Work item: Return every line from the one with "move=> _ _ [_ ppar_inj" through the one with "move=> _ [l latl <-] /interior_subset Oml.", inclusive, exactly as it appears below.

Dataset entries
Lemma Nperp_Nperp_theta x y : U x y -> Nperp u (Nperp u theta) x y = - Nperp u (Hcurv u) x y.
Proof.
  intros Hxy. rewrite (Nperp_ext_open U _ _ HU Hcurv_eq_scal_Nperp u x y Hxy), Nperp_scal.
  ring.
Qed.

Lemma Nvf_Nperp_theta x y : U x y -> Nvf u (Nperp u theta) x y = - Nvf u (Hcurv u) x y.
Proof.
  intros Hxy. rewrite (Nvf_ext_open U _ _ HU Hcurv_eq_scal_Nperp u x y Hxy), Nvf_scal.
  ring.
Qed.

Lemma Nperp_Nperp_alpha x y : U x y ->
  Nperp u (Nperp u (alpha u)) x y =
  4 * alpha u x y * Nperp u (alpha u) x y + Nperp u (alpha u) x y * Nvf u theta x y
  + alpha u x y * Nperp u (Nvf u theta) x y.
Proof.
  intros Hxy.
  assert (Ha : ex_partials (alpha u) x y) by exact (ex_partials_alpha x y Hxy).
  assert (HN : ex_partials (Nvf u theta) x y) by exact (ex_partials_Nvf theta x y Htheta Hxy).
  assert (Hpoly : forall a b, U a b -> Nperp u (alpha u) a b =
            2 * (alpha u a b * alpha u a b) + alpha u a b * Nvf u theta a b)
    by (intros a b Hab; rewrite (Nperp_alpha a b Hab); ring).
  rewrite (Nperp_ext_open U _ _ HU Hpoly u x y Hxy).
  pose proof (ex_partials_mult _ _ x y Ha Ha) as Haa.
  rewrite (Nperp_plus _ _ x y (ex_partials_scal _ x y Haa 2) (ex_partials_mult _ _ x y Ha HN)).
  rewrite Nperp_scal, (Nperp_mult _ _ x y Ha Ha), (Nperp_mult _ _ x y Ha HN).
  ring.
Qed.

Lemma Nperp_Nperp_alpha_E1 x y :
  (forall a b, U a b -> Nperp u (alpha u) a b = / 2 * alpha u a b ^ 2 + / 6 * Hcurv u a b ^ 2) ->
  U x y ->
  Nperp u (Nperp u (alpha u)) x y =
  alpha u x y * Nperp u (alpha u) x y + / 3 * Hcurv u x y * Nperp u (Hcurv u) x y.
Proof.
  intros HE Hxy.
  assert (Ha : ex_partials (alpha u) x y) by exact (ex_partials_alpha x y Hxy).
  assert (HH : ex_partials (Hcurv u) x y) by exact (ex_partials_Hcurv x y Hxy).
  assert (Hpoly : forall a b, U a b -> Nperp u (alpha u) a b =
            / 2 * (alpha u a b * alpha u a b) + / 6 * (Hcurv u a b * Hcurv u a b))
    by (intros a b Hab; rewrite (HE a b Hab); ring).
  rewrite (Nperp_ext_open U _ _ HU Hpoly u x y Hxy).
  pose proof (ex_partials_mult _ _ x y Ha Ha) as Haa.
  pose proof (ex_partials_mult _ _ x y HH HH) as HHH.
  rewrite (Nperp_plus _ _ x y (ex_partials_scal _ x y Haa (/ 2)) (ex_partials_scal _ x y HHH (/ 6))).
  rewrite !Nperp_scal, (Nperp_mult _ _ x y Ha Ha), (Nperp_mult _ _ x y HH HH).
  field.
Qed.

End HorizontalFrame.
Lemma det_mx2 x11 x12 x21 x22 : \det (mx2 x11 x12 x21 x22) = x11 * x22 - x12 * x21.
Proof.
rewrite (expand_det_row _ 0) !big_ord_recl big_ord0 addr0 /cofactor !det_mx11 !mxE /=.
by rewrite expr0 expr1 mul1r mulN1r mulrN.
Qed.


Lemma poch0 x : poch x 0 = 1.
Proof. by rewrite /poch big_ord0. Qed.

Lemma poch1 x : poch x 1 = x.
Proof. by rewrite /poch big_ord1 addr0. Qed.

Lemma pochS x n : poch x n.+1 = poch x n * (x + n%:R).
Proof. by rewrite /poch big_ord_recr. Qed.

Lemma pochSl x n : poch x n.+1 = x * poch (x + 1) n.
Proof.
rewrite /poch big_ord_recl /= addr0; congr (_ * _); apply: eq_bigr => i _.
by rewrite -addrA nat1r.
Qed.

Lemma pochD x m n : poch x (m + n) = poch x m * poch (x + m%:R) n.
Proof.
elim: n => [|n IH]; first by rewrite addn0 poch0 mulr1.
by rewrite addnS !pochS IH natrD addrA mulrA.
Qed.

Lemma poch_neq0 x n : (forall i : nat, x + i%:R != 0) -> poch x n != 0.
Proof. by move=> x_neq0; apply/prodf_neq0 => i _; apply: x_neq0. Qed.

Fixpoint A_alpha (a b c : F) (p : nat) : 'M[F]_2 :=
  match p with
  | 0 => 1%:M
  | p'.+1 => S_alpha (a + p'%:R) b c *m A_alpha a b c p'
  end.

Fixpoint A_diag (a b c : F) (p : nat) : 'M[F]_2 :=
  match p with
  | 0 => 1%:M
  | p'.+1 => S_alpha (a + p'%:R) b (c + p'%:R + 1) *m S_gamma (a + p'%:R) b (c + p'%:R)
             *m A_diag a b c p'
  end.

Lemma A_diagS a b c p : A_diag a b c p.+1 =
  S_alpha (a + p%:R) b (c + p%:R + 1) *m S_gamma (a + p%:R) b (c + p%:R) *m A_diag a b c p.
Proof. by []. Qed.

Lemma A_p0r_alpha a b c p r : A_p0r a b c p r = A_alpha a b (c + r%:R) p *m A_gamma a b c r.
Proof. by elim: p => [|p IH] /=; rewrite ?mul1mx // IH mulmxA. Qed.

Lemma A_gamma_add a b c s q : A_gamma a b c (s + q) = A_gamma a b (c + s%:R) q *m A_gamma a b c s.
Proof.
elim: q => [|q IH]; first by rewrite addn0 mul1mx.
by rewrite addnS /= IH mulmxA natrD addrA.
Qed.

Lemma mulmx_diag2_conj k1 k2 (L P N R : 'M[F]_2) (x t : F) : t != 0 ->
  (k1 *: (L *m P *m diag2 1 t^-1)) *m (k2 *: (diag2 x t *m N *m R)) =
  (k1 * k2) *: (L *m (P *m diag2 x 1 *m N) *m R).
Proof.
move=> t_neq0; rewrite -scalemxAl -scalemxAr scalerA; congr (_ *: _).
have -> : diag2 x 1 = diag2 1 t^-1 *m diag2 x t.
  by rewrite /diag2 mul_mx2; congr mx2; rewrite ?mulVf //; ring.
by rewrite !mulmxA.
Qed.

Definition N_gamma (a b c : F) : 'M[F]_2 :=
  mx2 (c - a - b) ((1 - z) * a * b) z^-1 (- (1 - z) * c / z).

Definition N_diag (b c : F) : 'M[F]_2 :=
  mx2 1 (- (1 - z) * b) (- z^-1) ((c - b * z) / z).
(* Let $\Lambda=(\mathcal{L}\subset\mathbb{R}^s,\mathbb{R}^n)$ be a generic cut-and-project scheme with associated matrix $L$, and let $A\in\mathbb{R}^{n\times n}$ be a non-singular matrix diagonalizable over $\mathbb{C}$ which is a self-similarity of $\Lambda$, with $B\in\mathbb{R}^{(s-n)\times(s-n)}$, $C\in\mathbb{Z}^{s\times s}$ the (unique) matrices such that $\begin{pmatrix}A&O\\O&B\end{pmatrix}L=LC$. Let $\Omega\subset\mathbb{R}^{s-n}$ be bounded with $\overline{\Omega^\circ}=\overline{\Omega}$. Then: (i) if $B\Omega\subset\Omega$, then $A\Sigma(\Omega)\subset\Sigma(\Omega)$; (ii) if $A\Sigma(\Omega)\subset\Sigma(\Omega)$, then $B\overline{\Omega}\subset\overline{\Omega}$.
   Context: A lattice $\mathcal{L}\subset\mathbb{R}^s$ is $\{L\mathbf{r}:\mathbf{r}\in\mathbb{Z}^s\}$ for a non-singular $L\in\mathbb{R}^{s\times s}$. For $1\le n<s$ the scheme $(\mathcal{L}\subset\mathbb{R}^s,\mathbb{R}^n)$ has projections $\pi_\parallel(\mathbf{x})=(x_1,\dots,x_n)^\top$, $\pi_\perp(\mathbf{x})=(x_{n+1},\dots,x_s)^\top$; it is generic if $\pi_\parallel|_{\mathcal{L}}$, $\pi_\perp|_{\mathcal{L}}$ are injective and $\pi_\perp(\mathcal{L})$ is dense in $\mathbb{R}^{s-n}$. $A$ is a self-similarity of a generic scheme if $A\pi_\parallel(\mathcal{L})\subset\pi_\parallel(\mathcal{L})$ and there exist $C\in\mathbb{Z}^{s\times s}$, $B$ real with $\begin{pmatrix}A&O\\O&B\end{pmatrix}L=LC$. The cut-and-project set is $\Sigma(\Omega)=\{\pi_\parallel(\mathbf{l}):\mathbf{l}\in\mathcal{L},\ \pi_\perp(\mathbf{l})\in\Omega\}$. *)

From HB Require Import structures.
From mathcomp Require Import all_boot all_order all_algebra.
From mathcomp Require Import all_classical all_reals all_analysis.
From mathcomp Require Import complex.
Set Implicit Arguments. Unset Strict Implicit. Unset Printing Implicit Defensive.
Import Order.TTheory GRing.Theory Num.Theory numFieldNormedType.Exports.
Local Open Scope ring_scope.
Local Open Scope classical_set_scope.

(* Ambient space R^s with s = n + m; vectors are column vectors 'cV[R]_(n+m).
   The first n coordinates are the "physical" space, the last m = s - n the
   "internal" space. *)

Definition lattice (R : realType) (s : nat) (L : 'M[R]_s) : set 'cV[R]_s :=
  [set L *m map_mx intr r | r in [set: 'cV[int]_s]].

Definition ppar (R : realType) (n m : nat) (x : 'cV[R]_(n + m)) : 'cV[R]_n :=
  usubmx x.
Definition pperp (R : realType) (n m : nat) (x : 'cV[R]_(n + m)) : 'cV[R]_m :=
  dsubmx x.

Definition generic_cps (R : realType) (n m : nat) (L : 'M[R]_(n + m)) : Prop :=
  [/\ L \in unitmx,
      (forall x y, lattice L x -> lattice L y -> ppar x = ppar y -> x = y),
      (forall x y, lattice L x -> lattice L y -> pperp x = pperp y -> x = y)
    & dense (@pperp R n m @` lattice L)].

Definition self_similarity (R : realType) (n m : nat) (L : 'M[R]_(n + m))
    (A : 'M[R]_n) : Prop :=
  (forall x, (@ppar R n m @` lattice L) x ->
     (@ppar R n m @` lattice L) (A *m x)) /\
  exists (C : 'M[int]_(n + m)) (B : 'M[R]_m),
    block_mx A 0 0 B *m L = L *m map_mx intr C.

Definition cps_set (R : realType) (n m : nat) (L : 'M[R]_(n + m))
    (Om : set 'cV[R]_m) : set 'cV[R]_n :=
  [set ppar l | l in [set l | lattice L l /\ Om (pperp l)]].

Definition diagonalizable_over_C (R : realType) (n : nat) (A : 'M[R]_n) : Prop :=
  diagonalizable (map_mx (fun x : R => Complex x 0) A).

From HB Require Import structures.
From mathcomp Require Import all_boot all_order all_algebra.
From mathcomp Require Import all_classical all_reals all_analysis.
From mathcomp Require Import complex.
Set Implicit Arguments. Unset Strict Implicit. Unset Printing Implicit Defensive.
Import Order.TTheory GRing.Theory Num.Theory numFieldNormedType.Exports.
Local Open Scope ring_scope.
Local Open Scope classical_set_scope.

(* The block matrix diag(A, B) maps the lattice into itself (it is L C L^-1),
   acting as A on the physical and as B on the internal coordinates. This
   gives (i) directly. For (ii), injectivity of the physical projection on
   the lattice shows that the only lattice point above A x_par is diag(A, B) x,
   so B maps every internal coordinate pperp l lying in Om back into Om.
   Since such coordinates are dense and Om is the closure of its interior,
   continuity of B extends this to the closure. *)

Lemma mulmx_continuous (R : realType) (p q : nat) (B : 'M[R]_(p, q)) :
  continuous (fun w : 'cV[R]_q => B *m w).
Proof.
have -> : (fun w : 'cV[R]_q => B *m w) =
          \sum_k (fun w : 'cV[R]_q => w k 0 *: col k B).
  rewrite fct_sumE; apply/funext => w; apply/matrixP => i j.
  rewrite !mxE summxE; apply: eq_bigr => k _.
  by rewrite !mxE (ord1 j) mulrC.
elim/big_ind: _ => //.
- by move=> x; apply: cst_continuous.
- by move=> f g cf cg x; exact: (continuousD (cf x) (cg x)).
- by move=> k _ x; exact/continuousZr_tmp/coord_continuous.
Qed.

Lemma dense_image_closure_interior (T U : topologicalType) (D O : set T)
    (S : set U) (f : T -> U) :
  dense D -> continuous f ->
  (forall z, D z -> interior O z -> S (f z)) ->
  f @` closure (interior O) `<=` closure S.
Proof.
move=> denseD cf DOS _ [y clOy <-] V; rewrite nbhsE => -[W [oW Wfy] sWV].
have oOW : open (interior O `&` f @^-1` W).
  by apply: openI; [exact: open_interior | exact: open_comp].
have [z [[Oz Wfz] Dz]] : interior O `&` f @^-1` W `&` D !=set0.
  apply: denseD => //; apply: clOy.
  by apply: open_nbhs_nbhs; split => //; exact: open_comp.
by exists (f z); split; [exact: DOS | exact: sWV].
Qed.

Section BlockSelfSimilarity.
Variables (R : realType) (n m : nat) (L : 'M[R]_(n + m)) (A : 'M[R]_n)
  (B : 'M[R]_m) (C : 'M[int]_(n + m)).
Hypothesis blockL : block_mx A 0 0 B *m L = L *m map_mx intr C.

Let D := block_mx A 0 0 B.

Lemma lattice_block_mul l : lattice L l -> lattice L (D *m l).
Proof. by move=> [r _ <-]; exists (C *m r) => //; rewrite map_mxM !mulmxA blockL. Qed.

Lemma ppar_block_mul l : ppar (D *m l) = A *m @ppar R n m l.
Proof. by rewrite /ppar -{1}(vsubmxK l) mul_block_col col_mxKu mul0mx addr0. Qed.

Lemma pperp_block_mul l : pperp (D *m l) = B *m @pperp R n m l.
Proof. by rewrite /pperp -{1}(vsubmxK l) mul_block_col col_mxKd mul0mx add0r. Qed.

Lemma cps_set_mul_sub (Om : set 'cV[R]_m) :
  (fun y => B *m y) @` Om `<=` Om ->
  (fun x => A *m x) @` cps_set L Om `<=` cps_set L Om.
Proof.
move=> BOm _ [_ [l [latl Oml] <-] <-].
exists (D *m l); last exact: ppar_block_mul.
split; first exact: lattice_block_mul.
by rewrite pperp_block_mul; apply: BOm; exists (pperp l).
Qed.

Lemma mul_pperp_mem (Om : set 'cV[R]_m) l :
  (forall x y, lattice L x -> lattice L y -> ppar x = ppar y -> x = y) ->
  (fun x => A *m x) @` cps_set L Om `<=` cps_set L Om ->
  lattice L l -> Om (pperp l) -> Om (B *m pperp l).
Proof.
move=> ppar_inj AOm latl Oml.
have [l' [latl' Oml'] pparl'] : cps_set L Om (A *m ppar l).
  by apply: AOm; exists (ppar l) => //; exists l.
have l'E : l' = D *m l.
  by apply: ppar_inj => //; [exact: lattice_block_mul | rewrite ppar_block_mul].
by rewrite -pperp_block_mul -l'E.
Qed.
End BlockSelfSimilarity.

Theorem proposition9 (R : realType) (n m : nat) (L : 'M[R]_(n + m))
    (A : 'M[R]_n) (B : 'M[R]_m) (C : 'M[int]_(n + m)) (Om : set 'cV[R]_m) :
  (0 < n)%N -> (0 < m)%N ->
  generic_cps L ->
  A \in unitmx -> diagonalizable_over_C A ->
  self_similarity L A ->
  block_mx A 0 0 B *m L = L *m map_mx intr C ->
  bounded_set Om -> closure (interior Om) = closure Om ->
  ((fun y => B *m y) @` Om `<=` Om ->
     (fun x => A *m x) @` cps_set L Om `<=` cps_set L Om) /\
  ((fun x => A *m x) @` cps_set L Om `<=` cps_set L Om ->
     (fun y => B *m y) @` closure Om `<=` closure Om).
Proof.
move=> _ _ [_ ppar_inj _ dense_pperp] _ _ _ blockL _ clOm.
split; first exact: (cps_set_mul_sub blockL).
move=> AOm; rewrite -{1}clOm.
apply: dense_image_closure_interior dense_pperp _ _; first exact: mulmx_continuous.
move=> _ [l latl <-] /interior_subset Oml.
exact (mul_pperp_mem blockL ppar_inj AOm latl Oml).
Qed.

Completed task:
move=> _ _ [_ ppar_inj _ dense_pperp] _ _ _ blockL _ clOm.
split; first exact: (cps_set_mul_sub blockL).
move=> AOm; rewrite -{1}clOm.
apply: dense_image_closure_interior dense_pperp _ _; first exact: mulmx_continuous.
move=> _ [l latl <-] /interior_subset Oml.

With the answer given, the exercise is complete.